1. Branch from the top of the self-healing stack.
- Base new work on `codex/self-healing-verification`.
- Do not edit `main` or `feat/data-collection-agent-v14` directly.

2. Fix the collection branch as a clean build source.
- Port only the needed collection pipeline files into the fresh branch.
- Fix the TypeScript/API issues listed above.
- Keep vendored code isolated until the adapter is green.
- Preserve the current backend Convex boundary: do not reintroduce imports
from `frontend/convex/_generated` into backend compile. Use the existing
`anyApi`/HTTP-client boundary instead.
- Exclude non-essential vendored artifacts from the PR scope until the
runtime adapter needs them.
- Gate: `npm --prefix backend test` and `npm --prefix backend run build`.

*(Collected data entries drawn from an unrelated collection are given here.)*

Lemma symdiff_exchange A B a b : #|A| = #|B| -> a != b ->
  symdiff A B = [set a; b] -> a \in A -> b \notin A /\ B = b |: (A :\ a).
Proof.
move=> eq_AB ab sdAB aA.
have inAB z : (z \in A) (+) (z \in B) = (z == a) || (z == b).
  have := congr1 (fun S : {set T} => z \in S) sdAB; rewrite /= !inE.
  by case: (z \in A); case: (z \in B).
have aNB : a \notin B by have := inAB a; rewrite eqxx aA; case: (a \in B).
have bNA : b \notin A.
  apply/negP => bA.
  have bNB : b \notin B by have := inAB b; rewrite eqxx orbT bA; case: (b \in B).
  have BsubA : B \subset A :\: [set a; b].
    apply/subsetP => z zB; rewrite !inE; have := inAB z; rewrite zB.
    case: (z \in A) => //= [<- // | /esym /orP zab].
    by case: zab => /eqP eqz; move: zB; rewrite eqz ?(negbTE aNB) ?(negbTE bNB).
  have abA : [set a; b] \subset A by rewrite subUset !sub1set aA bA.
  have := subset_leq_card BsubA; have := subset_leq_card abA.
  by rewrite cardsD (setIidPr abA) cards2 ab -eq_AB; lia.
split=> //; apply/setP => z; rewrite !inE.
have [->|za] := eqVneq z a; first by rewrite (negbTE aNB) (negbTE ab).
have := inAB z; rewrite (negbTE za) /=.
have [->|zb] := eqVneq z b; first by rewrite (negbTE bNA); case: (b \in B).
by case: (z \in A); case: (z \in B).
Qed.

End SymmetricDifference.

Definition star_at (T : eqType) (c : T) : rel T :=
  fun a b => (a != b) && ((a == c) || (b == c)).

Definition costar_at (T : eqType) (c : T) : rel T :=
  fun a b => (a != b) && ~~ ((a == c) || (b == c)).

Section TokenGraph.

Variables (T : finType) (e : rel T).
Hypotheses (e_sym : forall u v, e u v = e v u) (e_irr : forall u, ~~ e u u).
Implicit Types (A B S X : {set T}) (a b c p q : T).

Definition nbr c : {set T} := [set b | e c b].

Definition cut A : nat := \sum_(a in A) #|nbr a :\: A|.

Definition edges_out A : {set T * T} :=
  [set p | [&& p.1 \in A, p.2 \notin A & e p.1 p.2]].

Lemma card_nbrI_setU1 p q S : q \notin S ->
  #|nbr p :&: (q |: S)| = e p q + #|nbr p :&: S|.
Proof.
move=> qNS; rewrite (cardsD1 q) !inE eqxx /= andbT; congr (_ + _).
apply: eq_card => z; rewrite !inE.
by have [->|] //= := eqVneq z q; rewrite (negbTE qNS) andbF.
Qed.

Lemma cut_setU1 a X : a \notin X ->
  cut (a |: X) + 2 * #|nbr a :&: X| = cut X + #|nbr a|.
Proof.
move=> aNX; rewrite /cut big_setU1 //=.
have -> : nbr a :\: (a |: X) = nbr a :\: X.
  apply/setP => z; rewrite !inE negb_or.
  by have [->|za] := eqVneq z a; rewrite ?(negbTE (e_irr a)) ?andbF.
have out_a c : c \in X -> #|nbr c :\: X| = e c a + #|nbr c :\: (a |: X)|.
  move=> cX; rewrite (cardsD1 a) !inE aNX /=; congr (_ + _).
  by apply: eq_card => z; rewrite !inE; case: (z == a); case: (e c z).
rewrite (eq_bigr _ out_a) big_split /= -(cardsID X (nbr a)) setIC.
have -> : \sum_(c in X) e c a = #|X :&: nbr a|.
  rewrite -sum1_card big_mkcond [RHS]big_mkcond /=; apply: eq_bigr => c _.
  by rewrite !inE e_sym; case: (c \in X); case: (e a c).
lia.
Qed.

Lemma cut_edges_out A : cut A = #|edges_out A|.
Proof.
transitivity (\sum_(a : T) \sum_(b : T) ((a \in A) && (b \notin A) && e a b : nat)).
  rewrite /cut big_mkcond; apply: eq_bigr => a _.
  case: (a \in A) => /=; last by rewrite big1.
  rewrite -sum1_card big_mkcond; apply: eq_bigr => b _; rewrite !inE andbC.
  by case: (_ && _).
rewrite pair_big /= -sum1_card [RHS]big_mkcond; apply: eq_bigr => -[a b] _.
by rewrite inE /= andbA; case: (_ && _ && _).
Qed.

Definition exchange A (p : T * T) : {set T} := p.2 |: (A :\ p.1).

Lemma token_nbrsE A :
  [set B : {set T} | (#|B| == #|A|) && token_adj e A B] = exchange A @: edges_out A.
Proof.
apply/setP => B; rewrite inE; apply/andP/imsetP.
  case=> /eqP eq_BA /existsP [a /existsP [b /andP [eab /eqP sdAB]]].
  have ab : a != b by apply: contraTneq eab => ->.
  have [aA | aNA] := boolP (a \in A).
    have [bNA ->] := symdiff_exchange (esym eq_BA) ab sdAB aA.
    by exists (a, b); rewrite // inE /= aA bNA eab.
  have aB : a \in B.
    by move: (set21 a b); rewrite -sdAB !inE (negbTE aNA) andbF.
  have [_ eq_A] := symdiff_exchange eq_BA ab (etrans (symdiffC B A) sdAB) aB.
  have bA : b \in A by rewrite eq_A setU11.
  have sdAB' : symdiff A B = [set b; a] by rewrite sdAB setUC.
  have ba : b != a by rewrite eq_sym.
  have [_ ->] := symdiff_exchange (esym eq_BA) ba sdAB' bA.
  by exists (b, a); rewrite // inE /= aNA bA e_sym eab.
case=> -[a b]; rewrite inE /= => /and3P [aA bNA eab] ->.
have ba : b != a by apply: contraNneq bNA => ->.
split; first by rewrite cardsU1 !inE negb_and bNA orbT (cardsD1 a A) aA.
apply/existsP; exists a; apply/existsP; exists b; rewrite eab /=.
apply/eqP/setP => z; rewrite /exchange /symdiff !inE /=.
have [->|za] := eqVneq z a; first by rewrite aA eq_sym (negbTE ba).
by have [->|zb] := eqVneq z b; rewrite ?(negbTE bNA) //=; case: (z \in A).
Qed.

Lemma exchange_inj A : {in edges_out A &, injective (exchange A)}.
Proof.
move=> [a b] [a' b']; rewrite !inE /= => /and3P [aA bNA _] /and3P [a'A b'NA _].
rewrite /exchange /= => eq_ex.
have : b \in b' |: (A :\ a') by rewrite -eq_ex setU11.
rewrite !inE (negbTE bNA) andbF orbF => /eqP eq_b; rewrite -eq_b in eq_ex *.
have : a \notin b |: (A :\ a').
  by rewrite -eq_ex !inE eqxx /= orbF; apply: contraNneq bNA => <-.
by rewrite !inE aA andbT negb_or negbK => /andP [_ /eqP ->].
Qed.

Lemma token_deg_cut A :
  #|[set B : {set T} | (#|B| == #|A|) && token_adj e A B]| = cut A.
Proof. by rewrite token_nbrsE card_in_imset ?cut_edges_out //; exact: exchange_inj. Qed.

Section ConstantCut.

Variables k d : nat.
Hypothesis cut_const : forall A, #|A| = k -> cut A = d.

Lemma card_nbr_exchange b c X : b \notin X -> c \notin X -> #|X|.+1 = k ->
  #|nbr c| + 2 * #|nbr b :&: X| = #|nbr b| + 2 * #|nbr c :&: X|.
Proof.
move=> bNX cNX cardX.
have cut_bX : cut (b |: X) = d by rewrite cut_const // cardsU1 bNX.
have cut_cX : cut (c |: X) = d by rewrite cut_const // cardsU1 cNX.
have := cut_setU1 bNX; have := cut_setU1 cNX; rewrite cut_bX cut_cX; lia.
Qed.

3. Add a collection runtime adapter.
- Implement the existing `PopulateRecipeRuntime` interface.
- Input: BigSet `DatasetContext`.
- Transform `recipe.runtimeInstructions` into the collection pipeline
prompt/spec alongside the dataset description and columns.
- Output: rows, source URLs, evidence quotes, usage, metrics, and debug
captured sources.
- No direct Convex writes inside the adapter.
- Gate: a unit test proving a repaired recipe's runtime instructions reach
the downstream collection prompt/spec and can change observable runtime
behavior.

4. Add runtime selection through the real entrypoints.
- Add a runtime factory for the self-healing runner.
- Add an env switch such as `POPULATE_AGENT_RUNTIME=collection`.
- Wire both `POST /populate` and `populate:self-heal --dataset-id` through
that same factory.
- Gate: one HTTP-route test, one CLI test, and one dry-run smoke proving both
entrypoints use the selected runtime.

5. Add a self-healing-wrapped benchmark adapter for the collection runtime.
- Reuse `benchmarks/dataset-agent/run-benchmark.mjs`.
- Exercise `SelfHealingPopulateRecipeService` with the collection runtime
inside it, not the direct collection pipeline alone.
- Compare this lane against the existing Mastra-inside-self-healing lane.
- Return blocked results when required API keys are missing.
- Gate: no-key smoke must block with zero tokens, zero tool calls, and zero
estimated spend.

6. Run quality gates in increasing cost order.
- `make verify-self-healing`
- 2-prompt real benchmark
- full benchmark only after the 2-prompt run is not obviously broken
- live `--dataset-id` dry-run only after Convex/env prerequisites are ready
- `--commit` only on a throwaway dataset first

7. Keep runtime selection explicit.
- Keep current Mastra runtime as default until collection runtime benchmark
evidence is better.
- Do not claim collection runtime quality from a direct, non-self-healing
benchmark lane.

8. Decide merge order from evidence, not preference.
- If collection runtime is better, stack it after #37 and merge the stack
from bottom to top.
- If collection runtime is not better, keep it as a draft branch and use
benchmark artifacts to decide what to fix next.

## Acceptance Gates

Before any merge:

- no real `.env` files or private notes in the diff
- `git diff --name-status main...HEAD` reviewed for public PR hygiene
- `make verify-self-healing` passes
- `npm --prefix backend test` passes
- `npm --prefix backend run build` passes
- adapter test proves `recipe.runtimeInstructions` reaches the collection
pipeline prompt/spec
- HTTP-route and CLI tests prove `POPULATE_AGENT_RUNTIME=collection` reaches
the selected runtime through real app entrypoints
- benchmark no-key smoke proves blocked with zero spend
- benchmark evidence comes from the collection runtime wrapped inside the
self-healing service, not the direct collection pipeline alone
- real benchmark artifacts are linked in the PR when runtime quality is claimed
- live dataset commit is tested only on a throwaway dataset
- backend build does not depend on `frontend/convex/_generated`

## Next Engineering Move

Create a fresh branch from `codex/self-healing-verification` and first implement
the collection runtime adapter contract, including the
`recipe.runtimeInstructions` bridge and its unit test. Do not wire it as the
default runtime until the self-healing-wrapped benchmark adapter produces better
evidence than the current Mastra path.